Richard Plantagenet continued to say little, but took to his studies well enough. He intrigued me. His confidence. His quiet, self-contained competence. I began to haunt the exercise yard and the lists when I could where he practised the knightly drills. And I was right. He suffered. He did not have the stature or strength of muscle to hold his own against Francis, who was often pitted against him. Richard spent a lot of time sprawled in the dust and dirt. But he did not give in. And I had to admire his courage, his determination to scrape himself up from the floor. Quick and alert, he soon learned that he could make up in guile and speed for what he lacked in size and weight. He could ride a horse as if born in the saddle.
But still he was often on the floor with a bloody nose and dust plastered over his face. After a particularly robust session with sword and shield, Master Ellerby sent him to sit on the bench as the side of the exercise yard. Still dazed, Richard Plantagenet rubbed his face and nose on his sleeve. I crept along by the wall and sat on the bench with him. An opportunity too good to miss, to find out more whilst his guard was down. What did I want to know? Anything, really.
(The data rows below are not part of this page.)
Lemma C1_exp_scaled (m dm : R -> R) : C1_R m dm -> C1_R2 (exp_scaled m).
Proof.
  intros hm.
  assert (m_cont : forall t, continuous m t).
  { intros t. apply (ex_derive_continuous m t). exists (dm t). apply hm. }
  assert (dm_cont : forall t, continuous dm t) by apply hm.
  exists (fun p => exp (snd p) * (dm (fst p * exp (snd p)) * exp (snd p))),
    (fun p => exp (snd p) * m (fst p * exp (snd p))
              + exp (snd p) * (dm (fst p * exp (snd p)) * (fst p * exp (snd p)))).
  intros [x y]; unfold exp_scaled; simpl. destruct (hm (x * exp y)) as [hd _].
  split; [|split; [|split]].
  - auto_derive. { exists (dm (x * exp y)); exact hd. }
    rewrite (is_derive_unique (fun t : R => m t) _ _ hd). ring.
  - auto_derive. { exists (dm (x * exp y)); exact hd. }
    rewrite (is_derive_unique (fun t : R => m t) _ _ hd). ring.
  - repeat apply (continuous_mult (K := R_AbsRing));
      auto using continuous_exp_snd, continuous_comp_mul_exp.
  - apply (continuous_plus (K := R_AbsRing) (V := R_NormedModule));
      repeat apply (continuous_mult (K := R_AbsRing));
      auto using continuous_exp_snd, continuous_comp_mul_exp, continuous_fst.
Qed.

Definition in_strip (e : R) : Prop := - (PI / 2) < e < PI / 2.

Definition xtan (e : R) : R := e * sin e / cos e.
Definition G (e : R) : R := e * exp (xtan e) / cos e.
Definition dG (e : R) : R := exp (xtan e) / cos e * (1 + 2 * xtan e + (e / cos e) ^ 2).

Lemma cos_pos_strip e : in_strip e -> 0 < cos e.
Proof. intros [h1 h2]. apply cos_gt_0; lra. Qed.

Lemma xtan_nonneg e : in_strip e -> 0 <= xtan e.
Proof.
  intros he. pose proof (cos_pos_strip e he) as hc. destruct he as [h1 h2].
  assert (0 <= e * sin e).
  { destruct (Rle_lt_dec 0 e).
    - apply Rmult_le_pos; auto. apply sin_ge_0; lra.
    - replace (e * sin e) with (- e * sin (- e)) by (rewrite sin_neg; ring).
      apply Rmult_le_pos; [lra|]. apply sin_ge_0; lra. }
  unfold xtan, Rdiv. apply Rmult_le_pos; auto. left. apply Rinv_0_lt_compat; auto.
Qed.

Lemma is_derive_G e : in_strip e -> is_derive G e (dG e).
Proof.
  intros he. pose proof (cos_pos_strip e he) as hc.
  unfold G, dG, xtan. auto_derive; [lra|].
  pose proof (sin2_cos2 e) as hs. unfold Rsqr in hs.
  assert (hs2 : sin e ^ 2 = 1 - cos e ^ 2) by nra.
  field_simplify; try lra. rewrite hs2. unfold Rdiv. ring.
Qed.

Lemma dG_pos e : in_strip e -> 0 < dG e.
Proof.
  intros he. pose proof (cos_pos_strip e he). pose proof (xtan_nonneg e he).
  pose proof (exp_pos (xtan e)). pose proof (pow2_ge_0 (e / cos e)).
  unfold dG. apply Rmult_lt_0_compat; [apply Rdiv_lt_0_compat|]; lra.
Qed.

Lemma continuous_dG e : in_strip e -> continuous dG e.
Proof.
  intros he. pose proof (cos_pos_strip e he).
  apply (ex_derive_continuous dG). unfold dG, xtan. auto_derive. repeat split; lra.
Qed.

Lemma G_odd e : G (- e) = - G e.
Proof.
  unfold G, xtan. rewrite sin_neg, cos_neg.
  replace (- e * - sin e) with (e * sin e) by ring. unfold Rdiv. ring.
Qed.

Lemma G_unbounded M : 0 <= M -> exists e, in_strip e /\ 0 < e /\ M < G e.
Proof.
  intros hM. set (d := / (M + 2)).
  assert (hd : 0 < d) by (apply Rinv_0_lt_compat; lra).
  assert (hd2 : d <= / 2) by (apply Rinv_le_contravar; lra).
  pose proof PI2_3_2.
  exists (PI / 2 - d).
  assert (he : in_strip (PI / 2 - d)) by (unfold in_strip; lra).
  split; [exact he | split; [lra|]].
  pose proof (cos_pos_strip _ he) as hc.
  assert (hcd : cos (PI / 2 - d) < d) by (rewrite cos_shift; apply sin_lt_x; auto).
  assert (hexp : 1 <= exp (xtan (PI / 2 - d))).
  { pose proof (exp_ineq1_le (xtan (PI / 2 - d))). pose proof (xtan_nonneg _ he). lra. }
  assert (M + 2 < / cos (PI / 2 - d)).
  { replace (M + 2) with (/ d) by (unfold d; rewrite Rinv_inv; reflexivity).
    apply Rinv_lt_contravar; nra. }
  assert (/ cos (PI / 2 - d) <= G (PI / 2 - d)).
  { unfold G. rewrite <- (Rmult_1_l (/ cos _)). unfold Rdiv.
    apply Rmult_le_compat_r; [left; apply Rinv_0_lt_compat; auto | nra]. }
  lra.
Qed.

Lemma G_surjective t : exists e, in_strip e /\ G e = t.
Proof.
  destruct (G_unbounded (Rabs t) (Rabs_pos t)) as [a [[ha1 ha2] [ha0 hGa]]].
  pose proof (Rle_abs t). pose proof (Rle_abs (- t)). rewrite Rabs_Ropp in *.
  destruct (Ranalysis5.IVT_interv (fun e => G e - t) (- a) a) as [e [he hGe]].
  - intros e he. apply continuity_pt_minus; [|apply continuity_pt_const; intros ? ?; reflexivity].
    apply continuity_pt_filterlim, (ex_derive_continuous G).
    exists (dG e). apply is_derive_G. unfold in_strip; lra.
  - lra.
  - rewrite G_odd. lra.
  - lra.
  - exists e. split; [unfold in_strip|]; lra.
Qed.

Definition Ginv (t : R) : R := proj1_sig (constructive_indefinite_description _ (G_surjective t)).

Lemma Ginv_spec t : in_strip (Ginv t) /\ G (Ginv t) = t.
Proof. unfold Ginv. apply proj2_sig. Qed.

Lemma G_increasing x y : in_strip x -> in_strip y -> x < y -> G x < G y.
Proof.
  intros [hx _] [_ hy]. exact (derive_pos_increasing G dG _ _ is_derive_G dG_pos x y hx hy).
Qed.

Lemma Ginv_unique t e : in_strip e -> G e = t -> Ginv t = e.
Proof.
  intros he hGe. destruct (Ginv_spec t) as [hs hG].
  destruct (Rtotal_order (Ginv t) e) as [hlt|[heq|hgt]]; auto.
  - pose proof (G_increasing _ _ hs he hlt). lra.
  - pose proof (G_increasing _ _ he hs hgt). lra.
Qed.

Lemma Ginv_eq_0 t : Ginv t = 0 <-> t = 0.
Proof.
  assert (hG0 : G 0 = 0) by (unfold G; lra).
  split.
  - intros h. destruct (Ginv_spec t) as [_ hG]. rewrite h in hG. lra.
  - intros ->. apply Ginv_unique; [unfold in_strip; pose proof PI_RGT_0; lra | exact hG0].
Qed.

Definition dxtan (e : R) : R := sin e / cos e + e / cos e ^ 2.

Lemma is_derive_xtan e : in_strip e -> is_derive xtan e (dxtan e).
Proof.
  intros he. pose proof (cos_pos_strip e he).
  unfold xtan, dxtan. auto_derive; [lra|].
  pose proof (sin2_cos2 e) as hs. unfold Rsqr in hs. field_simplify; try lra.
  replace (sin e ^ 2) with (1 - cos e ^ 2) by nra. field. lra.
Qed.

Definition profile_re (e : R) : R := exp (- xtan e) * sin e.
Definition profile_im (e : R) : R := exp (- xtan e) * cos e.
Definition dprofile_re (e : R) : R := exp (- xtan e) * (cos e - dxtan e * sin e).
Definition dprofile_im (e : R) : R := - exp (- xtan e) * (sin e + dxtan e * cos e).

Lemma C1_profile_re e :
  in_strip e -> is_derive profile_re e (dprofile_re e) /\ continuous dprofile_re e.
Proof.
  intros he. pose proof (cos_pos_strip e he). pose proof (is_derive_xtan e he) as hx. split.
  - unfold profile_re, dprofile_re. auto_derive; [exists (dxtan e); exact hx|].
    rewrite (is_derive_unique (fun t : R => xtan t) _ _ hx). ring.
  - apply (ex_derive_continuous dprofile_re).
    unfold dprofile_re, dxtan, xtan. auto_derive. repeat split; try lra; intro; nra.
Qed.

Lemma C1_profile_im e :
  in_strip e -> is_derive profile_im e (dprofile_im e) /\ continuous dprofile_im e.
Proof.
  intros he. pose proof (cos_pos_strip e he). pose proof (is_derive_xtan e he) as hx. split.
  - unfold profile_im, dprofile_im. auto_derive; [exists (dxtan e); exact hx|].
    rewrite (is_derive_unique (fun t : R => xtan t) _ _ hx). ring.
  - apply (ex_derive_continuous dprofile_im).
    unfold dprofile_im, dxtan, xtan. auto_derive. repeat split; try lra; intro; nra.
Qed.

Lemma C1_comp_Ginv (F dF : R -> R) :
  (forall e, in_strip e -> is_derive F e (dF e) /\ continuous dF e) ->
  C1_R (fun t => F (Ginv t)) (fun t => dF (Ginv t) / dG (Ginv t)).
Proof.
  exact (C1_comp_inverse G dG Ginv _ _ is_derive_G dG_pos (fun t => proj1 (Ginv_spec t))
           (fun t => proj2 (Ginv_spec t)) continuous_dG F dF).
Qed.

Definition burgers_lambda (p : R * R) : C :=
  (exp_scaled (fun t => profile_re (Ginv t)) p, exp_scaled (fun t => profile_im (Ginv t)) p).

Lemma C1_on_burgers_lambda : C1_on (fun _ => True) burgers_lambda.
Proof.
  apply C1_on_C_pair; eapply C1_exp_scaled, C1_comp_Ginv;
    [apply C1_profile_re | apply C1_profile_im].
Qed.

Lemma exp_scale_Ginv x y :
  exp y * exp (- xtan (Ginv (x * exp y))) * x = Ginv (x * exp y) / cos (Ginv (x * exp y)).
Proof.
  destruct (Ginv_spec (x * exp y)) as [hs hG]. set (e := Ginv (x * exp y)) in *.
  pose proof (cos_pos_strip e hs). unfold G in hG.
  replace (exp y * exp (- xtan e) * x) with (x * exp y * exp (- xtan e)) by ring.
  pose proof (exp_pos (xtan e)). rewrite <- hG, exp_Ropp. field. split; lra.
Qed.

Lemma burgers_lambda_mul_x x y :
  (burgers_lambda (x, y) * RtoC x)%C = (xtan (Ginv (x * exp y)), Ginv (x * exp y)).
Proof.
  pose proof (exp_scale_Ginv x y) as hscale.
  destruct (Ginv_spec (x * exp y)) as [hs _]. set (e := Ginv (x * exp y)) in *.
  pose proof (cos_pos_strip e hs).
  unfold burgers_lambda, exp_scaled, profile_re, profile_im; simpl. fold e.
  apply injective_projections; simpl.
  - replace (exp y * (exp (- xtan e) * sin e) * x - exp y * (exp (- xtan e) * cos e) * 0)
      with (exp y * exp (- xtan e) * x * sin e) by ring.
    rewrite hscale. unfold xtan. field. lra.
  - replace (exp y * (exp (- xtan e) * sin e) * 0 + exp y * (exp (- xtan e) * cos e) * x)
      with (exp y * exp (- xtan e) * x * cos e) by ring.
    rewrite hscale. field. lra.
Qed.

Lemma fB_affine a b x y :
  fB (RtoC y - (a, b) * RtoC x)%C = (exp (y - a * x) * sin (b * x), exp (y - a * x) * cos (b * x)).
Proof.
  unfold fB, Cexp, Ci; simpl.
  replace (0 + - (a * 0 + b * x)) with (- (b * x)) by ring.
  replace (y + - (a * x - b * 0)) with (y - a * x) by ring.
  rewrite cos_neg, sin_neg. apply injective_projections; simpl; ring.
Qed.

Lemma Im_affine a b x y : Im (RtoC y - (a, b) * RtoC x)%C = - (b * x).
Proof. simpl. ring. Qed.
Definition sing_chain (m n : nat) (Y : set 'rV[R]_m)
    (c : ('rV[R]_n.+1 -> 'rV[R]_m) -> K) : Prop :=
  finite_set [set s | c s != 0] /\ [set s | c s != 0] `<=` sing_simplex m n Y.

Definition bdry (m n : nat) (c : ('rV[R]_n.+2 -> 'rV[R]_m) -> K)
  : ('rV[R]_n.+1 -> 'rV[R]_m) -> K :=
  fun t => (\sum_(s \in [set s | c s != 0])
              c s * \sum_(i < n.+2) (-1) ^+ i * (if face m n s i == t then 1 else 0))%R.

(* a graded family of sets of chains (a subcomplex, or a filtration level) *)
Definition chains_family (m : nat) :=
  forall n : nat, set (('rV[R]_n.+1 -> 'rV[R]_m) -> K).

Definition cycles (m : nat) (A : chains_family m) (n : nat) :
    set (('rV[R]_n.+1 -> 'rV[R]_m) -> K) :=
  match n with
  | 0 => A 0
  | n'.+1 => fun c => A n'.+1 c /\ bdry m n' c = (fun _ => 0)
  end.

Definition boundaries (m : nat) (A : chains_family m) (n : nat) :
    set (('rV[R]_n.+1 -> 'rV[R]_m) -> K) :=
  [set bdry m n d | d in A n.+1].

(* rank of the image of H_n(A) -> H_n(B) (for A a subcomplex of B) is >= k:
   there are k cycles of A whose classes are linearly independent in H_n(B). *)
Definition pbn_ge (m : nat) (A B : chains_family m) (n k : nat) : Prop :=
  exists cs : 'I_k -> (('rV[R]_n.+1 -> 'rV[R]_m) -> K),
    (forall r, cycles m A n (cs r)) /\
    forall a : 'I_k -> K,
      boundaries m B n (fun t => \sum_(r < k) a r * cs r t) ->
      forall r, a r = 0.

(* PBN equality: equal ranks (as elements of nat u {infinity}) *)
Definition pbn_equal (m m' : nat) (A B : chains_family m) (A' B' : chains_family m')
    (n : nat) : Prop :=
  forall k, pbn_ge m A B n k <-> pbn_ge m' A' B' n k.

End Singular.

Section Spheres.
Variable R : realType.

Definition S2 : set 'rV[R]_3 :=
  [set x | x ord0 0 ^+ 2 + x ord0 1 ^+ 2 + x ord0 2 ^+ 2 = 1].

Definition ext4 (x : 'rV[R]_3) (t : R) : 'rV[R]_4 :=
  \row_(j < 4) (if j == 3 :> nat then t else x ord0 (inord j)).

Definition Xbar : set 'rV[R]_4 :=
  [set y | exists2 x, S2 x & (y = ext4 x 1 \/ y = ext4 x (-1))].

Definition sbar (y : 'rV[R]_4) : 'rV[R]_4 :=
  \row_(j < 4) (if j == 3 :> nat then - y ord0 j else y ord0 j).

Variable K : fieldType.

Definition Cbar (n : nat) : set (('rV[R]_n.+1 -> 'rV[R]_4) -> K) :=
  [set c | exists (p : nat) (a : 'I_p -> K) (ss : 'I_p -> 'rV[R]_n.+1 -> 'rV[R]_4),
     (forall r, sing_simplex R 4 n Xbar (ss r)) /\
     c = fun t => \sum_(r < p) a r *
                   ((if ss r == t then 1 else 0) + (if sbar \o ss r == t then 1 else 0))].

(* the induced filtering function phibar: -oo on 0, else the max of phi on the
   union of the images of the simplices in the reduced form *)
Definition phibar (phi : 'rV[R]_4 -> R) (n : nat)
    (c : ('rV[R]_n.+1 -> 'rV[R]_4) -> K) : \bar R :=
  ereal_sup [set (phi (s x))%:E | s in [set s | c s != 0] & x in stdsimplex R n].

Definition Cbar_sub (phi : 'rV[R]_4 -> R) (u : R) : chains_family R K 4 :=
  fun n => [set c | sing_chain R K 4 n Xbar c /\ Cbar n c /\ (phibar phi n c <= u%:E)%E].

Definition phi' (phi : 'rV[R]_4 -> R) (x : 'rV[R]_3) : R :=
  Num.max (phi (ext4 x 1)) (phi (ext4 x (-1))).

Definition S2_sub (f : 'rV[R]_3 -> R) (u : R) : chains_family R K 3 :=
  fun n => sing_chain R K 3 n (S2 `&` [set x | f x <= u]).

End Spheres.

From HB Require Import structures.
From mathcomp Require Import all_boot all_order all_algebra.
From mathcomp Require Import all_classical all_reals all_analysis.
From mathcomp Require Import ring lra.
Set Implicit Arguments.
Unset Strict Implicit.
Unset Printing Implicit Defensive.
Import Order.TTheory GRing.Theory Num.Theory.
Import numFieldNormedType.Exports.
Local Open Scope classical_set_scope.
Local Open Scope ring_scope.

(* A singular simplex of Xbar has a connected domain and the last coordinate
   takes only the values 1 and -1 on Xbar, so the simplex stays in one sheet: it
   is the lift s x {1} of a simplex s of S^2 or its mirror image
   sbar o (s x {1}).  Hence d |-> sum_s d(s) (s x {1} + sbar o (s x {1})) is an
   isomorphism of chain complexes from the singular chains of S^2 onto Cbar.
   phibar of the image of d is at most u exactly when phi(-, 1) and phi(-, -1),
   i.e. phi', are at most u on the simplices of d, so the isomorphism maps the
   sublevel complex of phi' at u onto that of phibar at u, for every u; and an
   isomorphism of filtered chain complexes preserves persistent Betti numbers. *)

Definition lincomb (R : realType) (K : fieldType) p n k (a : 'I_k -> K)
    (cs : 'I_k -> ('rV[R]_n.+1 -> 'rV[R]_p) -> K) : ('rV[R]_n.+1 -> 'rV[R]_p) -> K :=
  fun t => \sum_(r < k) a r * cs r t.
Anything to explain this solemn youth who sat quietly at meals, who carved the roast beef with stern concentration, who watched and absorbed and said little.
‘Are you content here?’ I asked for want of anything more interesting to say.
He snorted, pushing his hair from his eyes. ‘Better when my head is not ringing from the Master’s gentle blows! I swear Edward did not intend me to be knocked senseless when he sent me here.’
‘You said you did not want to be here.’ The implied criticism of Middleham still rankled. ‘Where would you rather be, that’s better than here?’
‘With my brother. In London. That’s where I shall go when I am finished here.’
‘Do you miss your family?’
He thought for a moment. ‘Not much.’
‘Do you have brothers other than the King? Sisters?’
‘Yes. Ten.’
‘Ten?’ Shock made me turn to face him. ‘I only have Isabel. That’s enough.’
‘But some are dead, and all are older than I. George of Clarence is the one I know best.’
‘You are the Duke of Gloucester.’ I had acquired some knowledge since our exchange of views. ‘Your father was attainted traitor when he fought against the Lancastrian upstart Henry, the last king.’
‘Yes.’ Richard bared his teeth. ‘And he died for it on the battlefield at Wakefield. And my brother Edmund with him. Margaret of Anjou, Queen Margaret, had my father’s head cut from his body and put on a spike above Micklegate Bar in York. A despicable end for a brave man.’
It was the longest speech I had heard him make. He still felt the hurt of it.
‘Did you have to hide?’
‘In a way. We—my brother Clarence and my mother—had to go into exile for our safety. We went to the Netherlands.’ His guard was clearly down, offering so much.
‘Did you like it?’ I could not imagine being forced to leave England in fear of my life, being forced to beg for charity from some foreign family and be unsure that I would ever be able to return. I knew I would have hated it.
‘Well enough.’
Now what? I sought for another topic to lure him into speech. It was difficult. ‘Were you called Richard after your father? I was named Anne for my mother.’
‘No. After your grandfather, Richard Neville, the Earl of Salisbury. He stood as my godfather at my baptism and so I was named Richard.’
‘Oh.’ His connection with my family was getting stronger. His nose still bled and his sleeve was well spotted with blood. I handed him a square of linen. Lady Masham would have approved, I thought.
‘My thanks.’ He inclined his head with a courtly little gesture, then, wincing, applied the linen with careful enthusiasm.
‘Where were you born?’
‘Fotheringhay.’
‘I was born here. I like it here more than any place else.’
‘I like it too,’ he admitted suddenly, an admission that promptly warmed me to him. ‘It reminds me of Ludlow where I spent some months when I was much younger. Before we were driven out by the Lancastrians at the point of a sword.’ There was the bitterness again.
‘Why were you sent here? Why here?’
His angled look was wary as if unsure of the reason for my question. I had no ulterior motive other than basic inquisitiveness.